TCU quarterback Casey Pachall just made old problems new again for the Horned Frogs.
Prior to the start of fall camp Sunday, Pachall read a statement to media apologizing for his actions after TCU360.com and the Fort Worth Star-Telegram reported that Pachall admitted to a Fort Worth police officer that he has smoked marijuana and failed a drug test. Pachall also admitted to taking ecstasy and cocaine in the past but said, "Both were just a one-time thing and [he] hasn't done either since."
The kicker? Pachall, who threw for a school-record 2,921 yards last season, was never suspended for his actions and won't face any discipline from the athletic department.
"We were aware of Casey testing positive on Feb. 1," TCU coach Gary Patterson told the Star-Telegram in an emailed statement Friday. "I have always taken a very strong stand on student-athlete health and welfare. We have policies and educational programs in place to help guide our student-athletes. We are committed to helping them make healthy choices and have moved forward. We have had 25 drug tests in the last 18 months, including one by the NCAA at the Rose Bowl. We've had six drug tests since February."

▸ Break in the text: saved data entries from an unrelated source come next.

(* Let $n\ge3$ and let $L^B$ be a blow-up of $L\cong\mathbf{2}^n$. Let $x,y$ be vertices of $G(L^B)$ with $[x]\neq[y]$. If $x$ and $y$ are comparable, or if $x\wedge y=0$, then $x$ and $y$ are not mutually maximally distant in $G(L^B)$.
   Context: Blow-up: for the Boolean lattice $L\cong\mathbf{2}^n$ with atoms $q_1,\dots,q_n$, replace each $a\in L\setminus\{0,1\}$ by a finite chain $C_a$: $a=a^1\lessdot\cdots\lessdot a^{k_a}$ ($k_a\ge 1$), keep $0,1$; elements of one chain are ordered along it, and for $u\in C_a,v\in C_b$ with $a\ne b$ ($C_0=\{0\},C_1=\{1\}$), $u\le v$ iff $a<b$ in $L$. $G(L^B)$ is the zero-divisor graph: vertices are nonzero $a\in L^B$ having some nonzero $b$ with $a\wedge b=0$, distinct vertices adjacent iff their meet is $0$. $[x]$ denotes the class of $x$ under $x\sim y\iff x^\perp=y^\perp$, where $x^\perp=\{z: x\wedge z=0\}$. In a graph, $u$ is maximally distant from $v$ if $d(v,w)\le d(u,v)$ for every neighbour $w$ of $u$; $u,v$ are mutually maximally distant if each is maximally distant from the other. *)

From mathcomp Require Import all_boot.
Set Implicit Arguments. Unset Strict Implicit. Unset Printing Implicit Defensive.

(* An element of the blow-up L^B is encoded as a pair (a, i): the i-th element
   a^(i+1) of the chain C_a (0-based index).  The chain length function is
   k : {set 'I_n} -> nat; for a = 0 (set0) or a = 1 (setT) the chain is a
   single element, index 0. *)
Definition BU (n : nat) := ({set 'I_n} * nat)%type.

Definition bu_trivial n (a : {set 'I_n}) : bool := (a == set0) || (a == [set: 'I_n]).

Definition bu_valid n (k : {set 'I_n} -> nat) (u : BU n) : bool :=
  if bu_trivial u.1 then u.2 == 0 else u.2 < k u.1.

Definition bu_zero n : BU n := (set0, 0).

Definition bu_le n (u v : BU n) : bool :=
  ((u.1 == v.1) && (u.2 <= v.2)) || (u.1 \proper v.1).

Definition bu_top n (k : {set 'I_n} -> nat) (c : {set 'I_n}) : nat :=
  if bu_trivial c then 0 else (k c).-1.

Definition bu_meet n (k : {set 'I_n} -> nat) (u v : BU n) : BU n :=
  if u.1 == v.1 then (u.1, minn u.2 v.2)
  else if u.1 \subset v.1 then u
  else if v.1 \subset u.1 then v
  else (u.1 :&: v.1, bu_top k (u.1 :&: v.1)).

Definition is_vertex n k (x : BU n) : Prop :=
  bu_valid k x /\ x <> bu_zero n /\
  exists y, bu_valid k y /\ y <> bu_zero n /\ bu_meet k x y = bu_zero n.

Definition adj n k (x y : BU n) : Prop :=
  is_vertex k x /\ is_vertex k y /\ x <> y /\ bu_meet k x y = bu_zero n.

Fixpoint within n k (m : nat) (u v : BU n) : Prop :=
  match m with
  | 0 => u = v
  | m'.+1 => u = v \/ exists w, adj k u w /\ within k m' w v
  end.

(* u is maximally distant from v: d(v,w) <= d(u,v) for every neighbour w of u *)
Definition max_distant n k (u v : BU n) : Prop :=
  forall w, adj k u w -> forall m, within k m u v -> within k m w v.

Definition mutually_max_distant n k (u v : BU n) : Prop :=
  max_distant k u v /\ max_distant k v u.

(* x ~ y  iff  x^perp = y^perp (in L^B) *)
Definition perp_equiv n k (x y : BU n) : Prop :=
  forall z, bu_valid k z -> (bu_meet k x z = bu_zero n <-> bu_meet k y z = bu_zero n).

From mathcomp Require Import all_boot.
From mathcomp Require Import zify.

Set Implicit Arguments.
Unset Strict Implicit.
Unset Printing Implicit Defensive.

(* Two elements of L^B meet in 0 exactly when their underlying elements of 2^n
   are disjoint, so the vertices of G(L^B) are the elements lying over a proper
   nontrivial a, adjacency is disjointness downstairs, and elements over the
   same a are perp-equivalent: [x] <> [y] forces the underlying sets a, b to
   differ.  If a is strictly below b, then d(x, y) = 2 through a point over ~b,
   while the neighbour of x over ~a is at distance 3 from y, since a common
   neighbour of both would lie below a, hence below b.  If a and b are
   disjoint, x and y are adjacent, and it suffices to find a neighbour of x
   other than y not adjacent to y: a point over an atom of b when #|b| >= 2, or
   over ~a when b <> ~a; as n >= 3, this exists for x or for y. *)

Section BlowUp.
Variables (n : nat) (k : {set 'I_n} -> nat).
Hypothesis k_gt0 : forall a : {set 'I_n}, a != set0 -> a != [set: 'I_n] -> 0 < k a.

Lemma bu_meet_fst (u v : BU n) : (bu_meet k u v).1 = u.1 :&: v.1.
Proof.
rewrite /bu_meet; case: eqP => [->|_]; first by rewrite setIid.
case: ifP => [/setIidPl -> //|_].
by case: ifP => [/setIidPr -> //|_].
Qed.

Lemma bu_valid0 (c : {set 'I_n}) : bu_valid k (c, 0).
Proof. by rewrite /bu_valid; case: ifP => // /norP []; apply: k_gt0. Qed.

Lemma bu_valid_top (c : {set 'I_n}) : bu_valid k (c, bu_top k c).
Proof.
rewrite /bu_valid /bu_top /=; case: (boolP (bu_trivial c)) => // /norP [c0 cT].
by have := @k_gt0 c c0 cT; lia.
Qed.

Lemma bu_valid_meet {u v : BU n} :
  bu_valid k u -> bu_valid k v -> bu_valid k (bu_meet k u v).
Proof.
case: u => a i; case: v => b j; rewrite /bu_meet /= => va vb.
case: eqP => [_|_]; last by do 2?case: ifP => // _; apply: bu_valid_top.
by move: va; rewrite /bu_valid /=; case: ifP => _ /=; lia.
Qed.

Lemma bu_valid_set0 (u : BU n) : bu_valid k u -> u.1 = set0 -> u = bu_zero n.
Proof.
case: u => c i /= vc ec; move: vc; rewrite /bu_valid /bu_trivial ec eqxx.
by move=> /eqP /= ->.
Qed.

Lemma bu_meet_eq0 {u v : BU n} : bu_valid k u -> bu_valid k v ->
  bu_meet k u v = bu_zero n <-> u.1 :&: v.1 = set0.
Proof.
move=> vu vv; rewrite -bu_meet_fst; split=> [-> //|].
exact/bu_valid_set0/bu_valid_meet.
Qed.

Lemma perp_equiv_fst (x y : BU n) :
  bu_valid k x -> bu_valid k y -> x.1 = y.1 -> perp_equiv k x y.
Proof.
move=> vx vy exy z vz.
by rewrite (bu_meet_eq0 vx vz) (bu_meet_eq0 vy vz) exy.
Qed.

Lemma is_vertexP (u : BU n) :
  is_vertex k u <-> [/\ bu_valid k u, u.1 != set0 & u.1 != setT].
Proof.
split=> [[vu [u0 [v [vv [v0 /(bu_meet_eq0 vu vv) uv0]]]]] | [vu u0 uT]].
  split=> //; apply/eqP => E; first exact/u0/bu_valid_set0.
  by apply/v0/bu_valid_set0; rewrite // -uv0 E setTI.
split=> //; split; first by move=> E; rewrite E eqxx in u0.
exists (~: u.1, 0); split; first exact: bu_valid0.
split; first by case=> /eqP; rewrite -setCT (inj_eq (@setC_inj _)) (negbTE uT).
by apply/bu_meet_eq0; [|exact: bu_valid0|exact: setICr].
Qed.

Lemma is_vertex_setC (a : {set 'I_n}) :
  a != set0 -> a != setT -> is_vertex k (~: a, 0).
Proof.
move=> a0 aT; apply/is_vertexP; split; first exact: bu_valid0.
  by rewrite -setCT (inj_eq (@setC_inj _)).
by rewrite -setC0 (inj_eq (@setC_inj _)).
Qed.

Lemma adjP (u v : BU n) :
  adj k u v <-> [/\ is_vertex k u, is_vertex k v & u.1 :&: v.1 = set0].
Proof.
have vertex_valid (w : BU n) : is_vertex k w -> bu_valid k w by case.
split=> [[xu [xv [_ uv0]]] | [xu xv uv0]].
  by split=> //; apply/(bu_meet_eq0 (vertex_valid _ xu) (vertex_valid _ xv)).
do 2!split=> //; split.
  move=> euv; case/is_vertexP: xu => _ /eqP + _; apply.
  by rewrite -uv0 euv setIid.
exact/(bu_meet_eq0 (vertex_valid _ xu) (vertex_valid _ xv)).
Qed.

Lemma adj_sym (u v : BU n) : adj k u v -> adj k v u.
Proof. by case/adjP => xu xv uv0; apply/adjP; rewrite setIC. Qed.

Lemma adj_not_max_distant (u v : BU n) (c : {set 'I_n}) :
  adj k u v -> c :&: u.1 = set0 -> c :&: v.1 != set0 -> (c, 0) != v ->
  ~ max_distant k u v.
Proof.
move=> uv cu0 cv0 ncv md.
have /adjP [xu _ _] := uv; have /is_vertexP [_ u0 _] := xu.
have uc : adj k u (c, 0).
  apply/adjP; split=> //; last by rewrite setIC.
  apply/is_vertexP; split; first exact: bu_valid0.
    by apply: contraNneq cv0 => /= ->; rewrite set0I.
  by apply: contraNneq u0 => /= cT; rewrite -cu0 cT setTI.
have d1 : within k 1 u v by right; exists v.
case: (md _ uc 1 d1) => [/eqP|[w [/adjP [_ _ cw0] wv]]]; first exact/negP.
by rewrite -wv cw0 eqxx in cv0.
Qed.

Lemma adj_not_max_distant_card (u v : BU n) :
  adj k u v -> 1 < #|v.1| -> ~ max_distant k u v.
Proof.
move=> uv v2; have /adjP [_ _ uv0] := uv.
have [e ev] : exists e, e \in v.1 by apply/card_gt0P; lia.
apply: (adj_not_max_distant (c := [set e])) => //.
- have : e \notin u.1 :&: v.1 by rewrite uv0 inE.
  by rewrite inE ev andbT => eu; apply/eqP; rewrite setI_eq0 disjoints1.
- by apply/set0Pn; exists e; rewrite !inE eqxx.
- by apply: contraTneq v2 => <-; rewrite cards1.
Qed.

Lemma adj_not_max_distant_setC (u v : BU n) :
  adj k u v -> v.1 != ~: u.1 -> ~ max_distant k u v.
Proof.
move=> uv nvu; have /adjP [_ /is_vertexP [_ v0 _] uv0] := uv.
apply: (adj_not_max_distant (c := ~: u.1)) => //.
- by rewrite setIC setICr.
- move/eqP: uv0; rewrite setI_eq0 disjoint_sym disjoints_subset => /setIidPr.
  by rewrite setIC => ->.
- by apply: contraNneq nvu => <-.
Qed.

Lemma proper_not_max_distant (u v : BU n) :
  is_vertex k u -> is_vertex k v -> u.1 \proper v.1 -> ~ max_distant k u v.
Proof.
move=> xu xv uv md.
have /is_vertexP [_ u0 uT] := xu; have /is_vertexP [_ v0 vT] := xv.
have suv := proper_sub uv.
have uw : adj k u (~: u.1, 0).
  by apply/adjP; split=> //; [exact: is_vertex_setC | exact: setICr].
have uz : adj k u (~: v.1, 0).
  apply/adjP; split=> //; first exact: is_vertex_setC.
  by apply/eqP; rewrite -setDE setD_eq0.
have zv : adj k (~: v.1, 0) v.
  by apply/adj_sym/adjP; split=> //; [exact: is_vertex_setC | exact: setICr].
have d2 : within k 2 u v by right; exists (~: v.1, 0); split=> //; right; exists v.
have sub_of_setC0 (c : {set 'I_n}) : ~: u.1 :&: c = set0 -> c \subset u.1.
  by move/eqP; rewrite setI_eq0 disjoint_sym disjoints_subset setCK.
case: (md _ uw 2 d2) => [wv|[z [/adjP [_ xz wz0] [zv'|[c [/adjP [_ _ zc0] cv]]]]]].
- by move: u0; rewrite -(setIidPl suv) -wv /= setICr eqxx.
- by move: uv; rewrite properE -zv' (sub_of_setC0 _ wz0) andbF.
- case/is_vertexP: xz => _ /eqP []; rewrite -zc0 cv; apply/esym/setIidPl.
  exact: subset_trans (sub_of_setC0 _ wz0) suv.
Qed.

End BlowUp.

Theorem mainTheorem5 (n : nat) (k : {set 'I_n} -> nat) (hn : 3 <= n)
    (hk : forall a : {set 'I_n}, a != set0 -> a != [set: 'I_n] -> 0 < k a)
    (x y : BU n) :
  is_vertex k x -> is_vertex k y -> ~ perp_equiv k x y ->
  (bu_le x y \/ bu_le y x \/ bu_meet k x y = bu_zero n) ->
  ~ mutually_max_distant k x y.
Proof.
move=> xx xy nxy cmp [mxy myx].
have /(is_vertexP hk) [vx _ _] := xx; have /(is_vertexP hk) [vy _ _] := xy.
have nab : x.1 != y.1 by apply/eqP => exy; apply/nxy/perp_equiv_fst.
case: cmp => [|[|/(bu_meet_eq0 hk vx vy) xy0]].
- rewrite /bu_le (negbTE nab) => /= xy_lt.
  exact: (proper_not_max_distant hk xx xy xy_lt).
- rewrite /bu_le eq_sym (negbTE nab) => /= yx_lt.
  exact: (proper_not_max_distant hk xy xx yx_lt).
have adj_xy : adj k x y by apply/(adjP hk).
have [ey|nyx] := eqVneq y.1 (~: x.1); last first.
  exact: (adj_not_max_distant_setC hk adj_xy nyx mxy).
have : #|x.1| + #|y.1| = n by rewrite ey cardsC card_ord.
have [y2 _|y1 xy_card] := leqP 2 #|y.1|.
  exact: (adj_not_max_distant_card hk adj_xy y2 mxy).
by apply: (adj_not_max_distant_card hk (adj_sym hk adj_xy)) myx; lia.
Qed.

Patterson said Pachall had completed drug and alcohol counseling mandated by the university and that no further action would be taken.
On Feb. 15, four football players were arrested in connection with a campus-wide drug ring. Among those was linebacker Tanner Brock, who was roommates with Pachall. Brock, D.J. Yendrey, Devin Johnson and Ty Horn all were arrested and received probation after pleading guilty to marijuana delivery charges. All four were kicked off the team. Pachall was detained, but released.

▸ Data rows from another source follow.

Lemma hessq_Lglm_le th z : (0 < N)%N ->
  `|hessq L th z| <= 3 / 8 * maxphi2 phi * nrm2sq z.
Proof.
move=> N_gt0; rewrite hessq_Lglm normrM ger0_norm ?invr_ge0 ?ler0n //.
set M := 3 / 8 * maxphi2 phi * nrm2sq z.
have -> : M = N%:R^-1 * \sum_(i < N) M.
  by rewrite sumr_const card_ord -[M *+ N]mulr_natl mulrA mulVf ?mul1r // pnatr_eq0 -lt0n.
rewrite ler_wpM2l ?invr_ge0 ?ler0n //; apply: le_trans (ler_norm_sum _ _ _) _.
apply: ler_sum => i _; rewrite normrM ger0_norm ?sqr_ge0 //.
have := hessian_factor_le (pi_i_bounds th i) (pi_i_bounds thstar i).
move=> /(ler_wpM2l (sqr_ge0 (dotv (phi i) z))) /le_trans; apply.
rewrite mulrC /M -[3 / 8 * _ * _]mulrA ler_wpM2l ?divr_ge0 //.
by apply: le_trans (dotv_sqr_le _ _) _; rewrite ler_wpM2r ?nrm2sq_ge0 ?maxphi2_ge.
Qed.

Definition half_grad th : 'rV[R]_d := N%:R^-1 *: \sum_(i < N)
  ((pi_i phi th i - pi_i phi thstar i) * bern_var (pi_i phi th i)) *: phi i.

Lemma grad_Lglm th : grad L th = 2 *: half_grad th.
Proof.
apply/rowP => j; rewrite !mxE Lglm_line.
rewrite (derive1_mean (fun i t => is_derive_sqr_residual _ _ _ t)) summxE mulrCA.
congr (_ * _); rewrite mulr_sumr; apply: eq_bigr => i _.
have -> : dotv (phi i) (delta_mx 0 j) = phi i 0 j.
  rewrite /dotv (bigD1 j) //= big1 ?addr0; first by rewrite mxE !eqxx mulr1.
  by move=> k kj; rewrite mxE (negbTE kj) andbF mulr0.
by rewrite !mxE /pi_i mul0r addr0; ring.
Qed.

Definition design_mx : 'M[R]_(N, d) := \matrix_(i, j) phi i 0 j.

Lemma dotv_design_mx y i : dotv (phi i) y = (design_mx *m y^T) i 0.
Proof. by rewrite mxE; apply: eq_bigr => j _; rewrite !mxE. Qed.

Lemma half_grad_mx th : half_grad th = N%:R^-1 *:
  \row_i ((pi_i phi th i - pi_i phi thstar i) * bern_var (pi_i phi th i)) *m design_mx.
Proof.
apply/rowP => j; rewrite -scalemxAl !mxE summxE; congr (_ * _).
by apply: eq_bigr => i _; rewrite !mxE.
Qed.

Lemma dotv_half_grad th w : dotv (half_grad th) w = N%:R^-1 * \sum_(i < N)
  (pi_i phi th i - pi_i phi thstar i) * bern_var (pi_i phi th i) * dotv (phi i) w.
Proof.
rewrite half_grad_mx dotv_mx -mulmxA -scalemxAl mxE; congr (_ * _).
by rewrite mxE; apply: eq_bigr => i _; rewrite dotv_design_mx mxE.
Qed.

Lemma gramE : G = N%:R^-1 *: (design_mx^T *m design_mx).
Proof.
rewrite /gram; congr (_ *: _); apply/matrixP => j k.
rewrite summxE !mxE; apply: eq_bigr => i _; rewrite !mxE big_ord1 !mxE.
by rewrite !ord1.
Qed.

Lemma gram_sym : G^T = G.
Proof. by rewrite gramE linearZ /= trmx_mul trmxK. Qed.

Lemma gram_quad y w :
  (y *m G *m w^T) 0 0 = N%:R^-1 * \sum_(i < N) dotv (phi i) y * dotv (phi i) w.
Proof.
rewrite gramE -scalemxAr -scalemxAl mxE; congr (_ * _).
rewrite mulmxA -(mulmxA (y *m design_mx^T)) mxE; apply: eq_bigr => i _.
rewrite -dotv_design_mx; congr (_ * _).
by rewrite /dotv mxE; apply: eq_bigr => j _; rewrite !mxE mulrC.
Qed.

Lemma dotv_gram_sqr_le y w :
  dotv (y *m G) w ^+ 2 <= (y *m G *m y^T) 0 0 * (w *m G *m w^T) 0 0.
Proof.
rewrite dotv_mx !gram_quad mulrACA exprMn [N%:R^-1 ^+ 2]expr2.
rewrite ler_wpM2l ?mulr_ge0 ?invr_ge0 ?ler0n //.
have row_dotv (a b : 'I_N -> R) :
  dotv (\row_i a i) (\row_i b i) = \sum_(i < N) a i * b i.
  by apply: eq_bigr => i _; rewrite !mxE.
have := dotv_sqr_le (\row_i dotv (phi i) y) (\row_i dotv (phi i) w).
by rewrite /nrm2sq !row_dotv.
Qed.

Lemma half_grad_gram_row th : (0 < N)%N -> exists y, half_grad th = y *m G.
Proof.
move=> N_gt0; have /submxP[D hD] : (half_grad th <= design_mx^T *m design_mx)%MS.
  by rewrite half_grad_mx (submx_trans (submxMl _ _) (submx_gram _)).
exists (N%:R *: D); rewrite hD gramE -scalemxAr -scalemxAl scalerA mulVf ?scale1r //.
by rewrite pnatr_eq0 -lt0n.
Qed.

Lemma Lglm_ge_dotv_half_grad th :
  4 * umin phi th * L th <= dotv (half_grad th) (th - thstar).
Proof.
rewrite dotv_half_grad /Lglm mulrCA ler_wpM2l ?invr_ge0 ?ler0n // mulr_sumr.
apply: ler_sum => i _; rewrite dotvB.
by apply: sigmoid_residual_descent; rewrite ?umin_le // ltW ?umin_gt0.
Qed.

Lemma gram_quad_le_Lglm th :
  Num.min (umin phi th ^+ 2) (umin phi thstar ^+ 2) *
    ((th - thstar) *m G *m (th - thstar)^T) 0 0 <= L th.
Proof.
rewrite gram_quad /Lglm mulrCA ler_wpM2l ?invr_ge0 ?ler0n // mulr_sumr.
apply: ler_sum => i _; rewrite -expr2 dotvB.
have sqr_le th' : umin phi th' ^+ 2 <= bern_var (pi_i phi th' i) ^+ 2.
  by rewrite ler_pXn2r ?nnegrE ?umin_le ?ltW ?umin_gt0 ?bern_var_sigmoid_gt0.
by apply: sigmoid_residual_sqr_ge; rewrite ge_min sqr_le ?orbT.
Qed.

Lemma gram_quad_ge0 y : 0 <= (y *m G *m y^T) 0 0.
Proof.
rewrite gram_quad mulr_ge0 ?invr_ge0 ?ler0n ?sumr_ge0 // => i _.
by rewrite -expr2 sqr_ge0.
Qed.

Lemma nrm2sq_grad_Lglm_ge th lam : (0 < N)%N -> smallest_pos_eig G lam -> 0 < L th ->
  64 * umin phi th ^+ 2 * Num.min (umin phi th ^+ 2) (umin phi thstar ^+ 2) * lam
    * L th <= nrm2sq (grad L th).
Proof.
move=> N_gt0 G_lam L_gt0; have lam_gt0 : 0 < lam by case: G_lam.
set u := umin phi th; set mu := Num.min _ _; set w := th - thstar.
have [y hy] := half_grad_gram_row th N_gt0.
have u_gt0 : 0 < u := umin_gt0 th.
have mu_gt0 : 0 < mu by rewrite lt_min !exprn_gt0 ?umin_gt0.
have descent : 4 * u * L th <= dotv (half_grad th) w := Lglm_ge_dotv_half_grad th.
have W_le : mu * (w *m G *m w^T) 0 0 <= L th := gram_quad_le_Lglm th.
have cs : dotv (half_grad th) w ^+ 2 <= (y *m G *m y^T) 0 0 * (w *m G *m w^T) 0 0.
  by rewrite hy dotv_gram_sqr_le.
have spec : lam * (y *m G *m y^T) 0 0 <= nrm2sq (half_grad th).
  rewrite hy /nrm2sq dotv_mx trmx_mul gram_sym !mulmxA.
  exact: smallest_pos_eig_quad_le gram_sym G_lam.
have -> : nrm2sq (grad L th) = 4 * nrm2sq (half_grad th).
  by rewrite grad_Lglm /nrm2sq /dotv mulr_sumr; apply: eq_bigr => j _; rewrite !mxE; ring.
have := gram_quad_ge0 y; have := gram_quad_ge0 w.
set Q := (y *m G *m y^T) 0 0 in cs spec *; set W := (w *m G *m w^T) 0 0 in W_le cs *.
set H := nrm2sq _ in spec *.
move=> W0 Q0; rewrite -(ler_pM2r L_gt0).
have sqr_le : (4 * u * L th) ^+ 2 <= Q * W.
  have lhs_ge0 : 0 <= 4 * u * L th.
    exact: mulr_ge0 (mulr_ge0 (ler0n _ 4) (ltW u_gt0)) (ltW L_gt0).
  by apply: le_trans cs; rewrite ler_pXn2r ?nnegrE ?(le_trans lhs_ge0 descent).
have prod_le : lam * Q * (mu * W) <= H * L th.
  exact: ler_pM (mulr_ge0 (ltW lam_gt0) Q0) (mulr_ge0 (ltW mu_gt0) W0) spec W_le.
have := ler_wpM2l (ltW (mulr_gt0 lam_gt0 mu_gt0)) sqr_le.
by nra.
Qed.

End GLMLoss.

Theorem lemma10 (R : realType) (d N : nat) (phi : 'I_N -> 'rV[R]_d)
  (thstar : 'rV[R]_d) (lam : R) :
  (exists i, phi i != 0) ->
  smallest_pos_eig (gram phi) lam ->
  let L := Lglm phi thstar in
  let v := umin phi thstar in
  let beta := 3 / 8 * maxphi2 phi in
  let L1 := fun th : 'rV[R]_d =>
    maxphi2 phi / (32 * (Num.min (umin phi th) v * Num.sqrt lam) `^ (3 / 2)) in
  let L0 := fun th : 'rV[R]_d =>
    17 * maxphi2 phi /
      (512 * umin phi th ^+ 2 * Num.min (umin phi th ^+ 2) (v ^+ 2) * lam) in
  (forall th z : 'rV[R]_d, `|hessq L th z| <= beta * nrm2sq z) /\
  (forall th : 'rV[R]_d, 0 < L th ->
     forall z : 'rV[R]_d,
       `|hessq L th z| <=
         (L1 th * nrm2 (grad L th) + L0 th * nrm2 (grad L th) ^+ 2 / L th)
           * nrm2sq z).
Proof.
move=> [i0 _] G_lam L v beta L1 L0.
have N_gt0 : (0 < N)%N by apply: leq_ltn_trans (ltn_ord i0).
split=> [th z | th L_gt0 z]; first exact: hessq_Lglm_le.
apply: le_trans (hessq_Lglm_le _ _ _ _ N_gt0) _.
rewrite ler_wpM2r ?nrm2sq_ge0 //; apply: ler_wpDl.
  by rewrite mulr_ge0 ?sqrtr_ge0 // divr_ge0 ?maxphi2_ge0 // mulr_ge0 ?powR_ge0.
apply: le_scaled_ratio; rewrite ?maxphi2_ge0 ?umin_gt0 ?lt_min ?exprn_gt0 ?umin_gt0 //.
  by case: G_lam.
by rewrite /nrm2 sqr_sqrtr ?nrm2sq_ge0 // nrm2sq_grad_Lglm_ge.
Qed.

"I know I'm not perfect," Pachall said Sunday. "But I've learned from those mistakes and I'm still learning. It's a day-to-day process for me of trying to be a better person."

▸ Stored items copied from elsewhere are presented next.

Definition upd (h : {ffun S -> bool}) (i : S) (b : bool) : {ffun S -> bool} :=
  [ffun x => if x == i then b else h x].

Lemma upd_at (h : {ffun S -> bool}) (i : S) (b : bool) : upd h i b i = b.
Proof. by rewrite ffunE eqxx. Qed.

Lemma upd_fix (h : {ffun S -> bool}) (i : S) (b : bool) : h i = b -> upd h i b = h.
Proof. by move=> <-; apply/ffunP => x; rewrite ffunE; case: eqP => [->|]. Qed.

Lemma upd_upd (h : {ffun S -> bool}) (i : S) (b b' : bool) :
  upd (upd h i b) i b' = upd h i b'.
Proof. by apply/ffunP => x; rewrite !ffunE; case: eqP. Qed.

Lemma upd_comm (h : {ffun S -> bool}) (i k : S) (b b' : bool) : i != k ->
  upd (upd h i b) k b' = upd (upd h k b') i b.
Proof.
move=> ik; apply/ffunP => x; rewrite !ffunE.
by case: (eqVneq x k) => [->|//]; rewrite eq_sym (negbTE ik).
Qed.

Lemma ext_restr (i : S) (b : bool) (h : {ffun S -> bool}) :
  ext i b (restr i h) = upd h i b.
Proof.
apply/ffunP => x; rewrite !ffunE.
case: insubP => [u ux eq_ux|] /=; first by rewrite ffunE eq_ux (negbTE ux).
by rewrite negbK => ->.
Qed.

Lemma upd_ext (i : S) (b b' : bool) (g : {ffun minus i -> bool}) :
  upd (ext i b g) i b' = ext i b' g.
Proof. by rewrite -ext_restr; congr ext; apply/ffunP => u; rewrite !ffunE valK. Qed.

Lemma ext_at (i : S) (b : bool) (g : {ffun minus i -> bool}) : ext i b g i = b.
Proof. by rewrite ffunE insubF ?eqxx. Qed.

End Vertices.

Lemma ext_upd (S : finType) (k : S) (i : minus k) (b0 b : bool)
    (g : {ffun minus k -> bool}) :
  ext k b0 (upd g i b) = upd (ext k b0 g) (val i) b.
Proof.
apply/ffunP => x; rewrite !ffunE.
case: insubP => [u _ <-|] /=; first by rewrite ffunE val_eqE.
by rewrite negbK => /eqP ->; rewrite eq_sym (negbTE (valP i)).
Qed.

Patterson said while Pachall was not suspended, he was internally disciplined and will face rigorous drug testing in the future.
"Just because he didn't receive additional punishment doesn't mean we think it's acceptable," Patterson said. "It's not. And Casey knows that. He'll continue to get tested and knows how serious this is.
"We can't have him as the face of the football program. There's a responsibility that goes with that and so he can't do it."
Still, this continues to raise questions about drug use within the TCU program and just how deep it went before the university and Patterson decided to step up their testing regimen. When the police busted the drug ring and football players were arrested, all eyes focused on the football program after those arrested players alleged as many as 82 players on the roster had failed drug tests. That number turned out to be false, but it caused Patterson to have to administer drug tests throughout the offseason, something he hadn't done in the past.
Pachall is a star on a team that needs a star as it embarks on its first season in the Big 12, which definitely makes you wonder if he was given preferential treatment because of his star status and because the university was able to keep his involvement with drugs under wraps for the past six months. But on other teams, even the best players are at least forced to sit out a game for failing a drug test. The lack of on-field action taken against Pachall will just draw more criticism toward Patterson and TCU and keep the focus on the negative instead of the positive.